Summary

Based on a realistic physical model of the image-formation process, we have developed a maximum-likelihood estimator for the 3-D position of a fluorescent particle from a focal series of brightfield micrographs. We do also provide theoretical resolution bounds that are well beyond the classical Rayleigh limit.

Introduction

The localization of nanoparticles plays an increasing role in fluorescence microscopy. A key application is particle tracking for the observation of molecular dynamics. In that context, it is highly desirable to be able to determine a the position of a particle with sub-resolution accuracy (at the nanometer scale). A research team has also recently proposed a new microscopy technique (Betzig et al., Science, 2006)—termed photoactivated localization microscopy—whose central component is a least-squares fitting algorithm that allows the precise localization of single fluorescent molecules.

Main Contribution

In many experimental setups involving modern microscope optics, the point-spread function (PSF) of the system is nonstationary due to a mismatch between the refractive indices of the immersion medium and the specimen. This phenomenon needs to be taken into account in order to achieve accurate localization results. Therefore, we proposed an image-formation model that combines a state-of-the-art PSF model with a statistical formulation of acquisition noise.
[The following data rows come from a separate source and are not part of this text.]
(* Let $w\in G(m,p,n)$ be an element that either has a single cycle (of length $n$), or has exactly two cycles, whose weights are nonzero and sum to $0$ in $\mathbb Z/m\mathbb Z$. Then $[\mathrm{id},w]_{\mathrm{cdf}}=[\mathrm{id},w]_{\ell_R}$.
   Context: Let $m,p,n$ be positive integers with $p\mid m$ and $\zeta=e^{2\pi i/m}$. The group $G(m,1,n)$ consists of pairs $w=[u;a]$ with $u\in\mathfrak S_n$ (the underlying permutation) and $a=(a_1,\dots,a_n)\in(\mathbb Z/m\mathbb Z)^n$ (the weights); $[u;a]$ is identified with the $n\times n$ monomial matrix having entry $\zeta^{a_i}$ in position $(u(i),i)$ and zeros elsewhere, the group law is matrix multiplication, and the group acts on $\mathbb C^n$. A cycle of $w$ is a cycle of $u$ (fixed points count as cycles of size $1$); $c(w)$ is the number of cycles of $w$ and $c_0(w)$ the number of cycles of weight $0$, where the weight of a set $I\subseteq[n]$ (e.g. the underlying set of a cycle) is $\sum_{i\in I}a_i\in\mathbb Z/m\mathbb Z$, and $\mathrm{wt}(w)=\sum_{i=1}^n a_i$. Since $p\mid m$, it makes sense to say an element of $\mathbb Z/m\mathbb Z$ is $\equiv 0\pmod p$. $G(m,p,n)=\{w\in G(m,1,n):\mathrm{wt}(w)\equiv 0\pmod p\}$. A reflection is an element $g$ whose fixed space $\operatorname{fix}(g)=\ker(g-1)\subseteq\mathbb C^n$ has codimension $1$; $R$ is the set of reflections of $G(m,p,n)$ (they generate the group). $\ell_R(g)$ is the minimum number of reflections whose product is $g$, and $\operatorname{codim}\operatorname{fix}(g)=n-\dim\operatorname{fix}(g)$. For $f\in\{\ell_R,\operatorname{codim}\operatorname{fix}\}$ define $x\le_f y$ iff $f(x)+f(x^{-1}y)=f(y)$ (a partial order), and $[\mathrm{id},w]_f=\{u: u\le_f w\}$; the subscript $\mathrm{cdf}$ means $f=\operatorname{codim}\operatorname{fix}$. *)

From HB Require Import structures.
From mathcomp Require Import all_boot all_order all_algebra all_fingroup all_field.
Set Implicit Arguments. Unset Strict Implicit. Unset Printing Implicit Defensive.
Import GRing.Theory Num.Theory.
Local Open Scope ring_scope.

(* The monomial matrix [u; a]: entry z^(a_i) in position (u(i), i), 0 elsewhere.
   Weights a_i are natural-number representatives of elements of Z/mZ;
   z is a primitive m-th root of unity. *)
Definition gmx (n : nat) (z : algC) (u : 'S_n) (a : 'I_n -> nat) : 'M[algC]_n :=
  \matrix_(r, c) if r == u c then z ^+ a c else 0.

(* wt(w) = sum a_i, and membership in G(m,p,n) : wt(w) = 0 mod p
   (well defined on Z/mZ since p | m). *)
Definition inG (n p : nat) (z : algC) (g : 'M[algC]_n) : Prop :=
  exists (u : 'S_n) (a : 'I_n -> nat),
    (p %| \sum_(i < n) a i)%N /\ g = gmx z u a.

(* dim fix(g) = dim ker(g - 1) acting on column vectors *)
Definition fixdim (n : nat) (g : 'M[algC]_n) : nat :=
  \rank (kermx (g - 1%:M)^T).

Definition cdf (n : nat) (g : 'M[algC]_n) : nat := (n - fixdim g)%N.

Definition is_refl (n p : nat) (z : algC) (g : 'M[algC]_n) : Prop :=
  inG p z g /\ cdf g = 1%N.

Definition prodmx (n : nat) (s : seq 'M[algC]_n) : 'M[algC]_n :=
  foldr (fun r acc => r *m acc) 1%:M s.

Definition ellR (n p : nat) (z : algC) (g : 'M[algC]_n) (k : nat) : Prop :=
  (exists s : seq 'M[algC]_n,
      (forall r, r \in s -> is_refl p z r) /\ size s = k /\ prodmx s = g) /\
  (forall s : seq 'M[algC]_n,
      (forall r, r \in s -> is_refl p z r) -> prodmx s = g -> (k <= size s)%N).

Definition le_R (n p : nat) (z : algC) (x y : 'M[algC]_n) : Prop :=
  exists kx kxy ky, ellR p z x kx /\ ellR p z (invmx x *m y) kxy /\
                    ellR p z y ky /\ (kx + kxy = ky)%N.

Definition le_cdf (n : nat) (x y : 'M[algC]_n) : Prop :=
  (cdf x + cdf (invmx x *m y) = cdf y)%N.

Definition cwt (n : nat) (a : 'I_n -> nat) (I : {set 'I_n}) : nat :=
  (\sum_(i in I) a i)%N.

From HB Require Import structures.
From mathcomp Require Import all_boot all_order all_algebra all_fingroup all_field.
From mathcomp Require Import zify.
Import GRing.Theory Num.Theory.
Local Open Scope ring_scope.
Set Implicit Arguments. Unset Strict Implicit. Unset Printing Implicit Defensive.

(* Write cdf(g) = rank(g - 1). It is subadditive and conjugation invariant, so
   a product of k reflections has cdf <= k; hence ell_R >= cdf, and both orders
   agree on [id, w] as soon as every y with cdf y + cdf (y^-1 w) <= n is a
   product of cdf y reflections.  Peeling off transposition-like reflections,
   each lowering cdf by one, writes y = t_1 ... t_k d with d diagonal and
   cdf y = k + cdf d, which reduces the claim to d.  A vector fixed by d^-1 w
   vanishes on every cycle of nonzero weight and is determined by one entry on
   each cycle of weight zero, so cdf (d^-1 w) >= n - #cycles >= n - 2 and d has
   at most two nontrivial entries.  If it has two, both cycles of d^-1 w have
   weight zero; as w has total weight zero, so does d, whose two entries are
   then mutually inverse, making d a product of two reflections. *)

Section FixCodim.
Variables (F : fieldType) (n : nat).
Implicit Types (X Y P : 'M[F]_n) (v : 'rV[F]_n).

Definition fixcodim X := \rank (X - 1%:M).

Lemma fixcodim_le X : (fixcodim X <= n)%N.
Proof. exact: rank_leq_row. Qed.

Lemma fixcodim1 : fixcodim 1%:M = 0%N.
Proof. by rewrite /fixcodim subrr mxrank0. Qed.

Lemma fixcodim_eq0 X : (fixcodim X == 0%N) = (X == 1%:M).
Proof. by rewrite /fixcodim mxrank_eq0 subr_eq0. Qed.

Lemma fixcodim_le1 X (x : 'cV[F]_n) (y : 'rV[F]_n) :
  X - 1%:M = x *m y -> (fixcodim X <= 1)%N.
Proof.
by rewrite /fixcodim => ->; apply: leq_trans (mxrankM_maxl _ _) (rank_leq_col _).
Qed.

Lemma fixcodim_mul X Y : (fixcodim (X *m Y) <= fixcodim X + fixcodim Y)%N.
Proof.
rewrite /fixcodim addnC.
have -> : X *m Y - 1%:M = X *m (Y - 1%:M) + (X - 1%:M).
  by rewrite mulmxBr mulmx1 addrA subrK.
by apply: leq_trans (mxrank_add _ _) _; rewrite leq_add2r mxrankM_maxr.
Qed.

Lemma fixcodim_conj P X : P \in unitmx -> fixcodim (invmx P *m X *m P) = fixcodim X.
Proof.
move=> uP; rewrite /fixcodim.
have -> : invmx P *m X *m P - 1%:M = invmx P *m (X - 1%:M) *m P.
  by rewrite mulmxBr mulmxBl mulmx1 mulVmx.
rewrite mxrankMfree ?row_free_unit //.
by rewrite eqmxMfull // row_full_unit unitmx_inv.
Qed.

Lemma fix_kermxP X v : reflect (v *m X = v) (v <= kermx (X - 1%:M))%MS.
Proof. by rewrite (sameP sub_kermxP eqP) mulmxBr mulmx1 subr_eq0; apply: eqP. Qed.

Lemma fixcodim_lt X Y v :
  (forall w : 'rV_n, w *m X = w -> w *m Y = w) -> v *m Y = v -> v *m X != v ->
  (fixcodim Y < fixcodim X)%N.
Proof.
move=> fixXY vY vX.
set K := kermx (X - 1%:M); set L := kermx (Y - 1%:M).
have KL : (K <= L)%MS.
  apply/row_subP => i; apply/fix_kermxP/fixXY/fix_kermxP; exact: row_sub.
have vK : ~~ (v <= K)%MS by apply: contra vX => /fix_kermxP ->.
have ltK : (\rank K < \rank (K + v)%MS)%N.
  have [le eq] := mxrank_leqif_sup (addsmxSl K v).
  by rewrite ltn_neqAle le andbT eq; apply: contra vK; apply: submx_trans (addsmxSr K v).
have leL : (\rank (K + v)%MS <= \rank L)%N.
  by apply: mxrankS; rewrite addsmx_sub KL; apply/fix_kermxP.
move: ltK leL; rewrite !mxrank_ker -/(fixcodim X) -/(fixcodim Y).
have := fixcodim_le X; have := fixcodim_le Y; lia.
Qed.

Lemma fixcodim_lbound X (R : {set 'I_n}) :
  (forall v, v *m X = v -> {in R, forall r, v 0 r = 0} -> v = 0) ->
  (n - #|R| <= fixcodim X)%N.
Proof.
move=> fixR.
pose Q : 'M[F]_(n, #|R|) := \matrix_(r, k) (r == enum_val k)%:R.
set K := kermx (X - 1%:M).
have KQ : (K :&: kermx Q)%MS = 0.
  apply/row_matrixP => i; rewrite row0; set w := row i _.
  have wK : w *m X = w.
    by apply/fix_kermxP; apply: submx_trans (row_sub i _) (capmxSl _ _).
  have /sub_kermxP wQ : (w <= kermx Q)%MS.
    exact: submx_trans (row_sub i _) (capmxSr _ _).
  apply: fixR => // r rR.
  have := congr1 (fun x : 'rV_#|R| => x 0 (enum_rank_in rR r)) wQ.
  rewrite !mxE (bigD1 r) //= big1 => [|k kr]; rewrite !mxE (enum_rankK_in rR rR).
    by rewrite eqxx mulr1 addr0.
  by rewrite (negbTE kr) mulr0.
have := mxrank_mul_ker K Q; rewrite KQ mxrank0 addn0 mxrank_ker -/(fixcodim X).
have := rank_leq_col (K *m Q); have := fixcodim_le X; lia.
Qed.

End FixCodim.

Lemma cdfE n (X : 'M[algC]_n) : cdf X = fixcodim X.
Proof. by rewrite /cdf /fixdim mxrank_ker mxrank_tr subKn // fixcodim_le. Qed.

Lemma prodmx_cat n (s1 s2 : seq 'M[algC]_n) :
  prodmx (s1 ++ s2) = prodmx s1 *m prodmx s2.
Proof. by elim: s1 => [|r s IH] /=; rewrite ?mul1mx // IH mulmxA. Qed.

Lemma dvdn_oppmodD m k : (0 < m)%N -> (m %| (m - k %% m) + k)%N.
Proof.
move=> m_gt0; rewrite {2}(divn_eq k m) addnCA subnK ?dvdn_add ?dvdn_mull //.
by rewrite ltnW // ltn_pmod.
Qed.

Lemma sum_perm n (u : 'S_n) (f : 'I_n -> nat) : (\sum_c f (u c) = \sum_c f c)%N.
Proof. by rewrite [RHS](reindex_inj (@perm_inj _ u)). Qed.

Lemma sum_ord_pair n (i j : 'I_n) (f : 'I_n -> nat) : i != j ->
  (\sum_c f c = f i + f j + \sum_(c | (c != i) && (c != j)) f c)%N.
Proof. by move=> ij; rewrite (bigD1 i) //= (bigD1 j) 1?eq_sym //= addnA. Qed.

Lemma sum_porbits n (u : 'S_n) (f : 'I_n -> nat) :
  (\sum_c f c = \sum_(C in porbits u) cwt f C)%N.
Proof.
rewrite (partition_big_imset (porbit u)) /=.
apply: eq_bigr => C /imsetP[x _ ->].
by apply: eq_bigl => c; rewrite eq_porbit_mem.
Qed.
Based on this, we formulated a maximum-likelihood estimator for the 3-D position of a particle. To test the performance of the estimator, we established a theoretical limit on the attainable localization accuracy using Cramér-Rao bounds. These have shown that the localization accuracy along the optical axis is similar to that within the imaging plane, and can be as good as a few nanometers. In practice, using fluorescent beads, we have been able to demonstrate localization accuracies of the order of 10-15 nm, using a conventional widefield fluorescence microscope.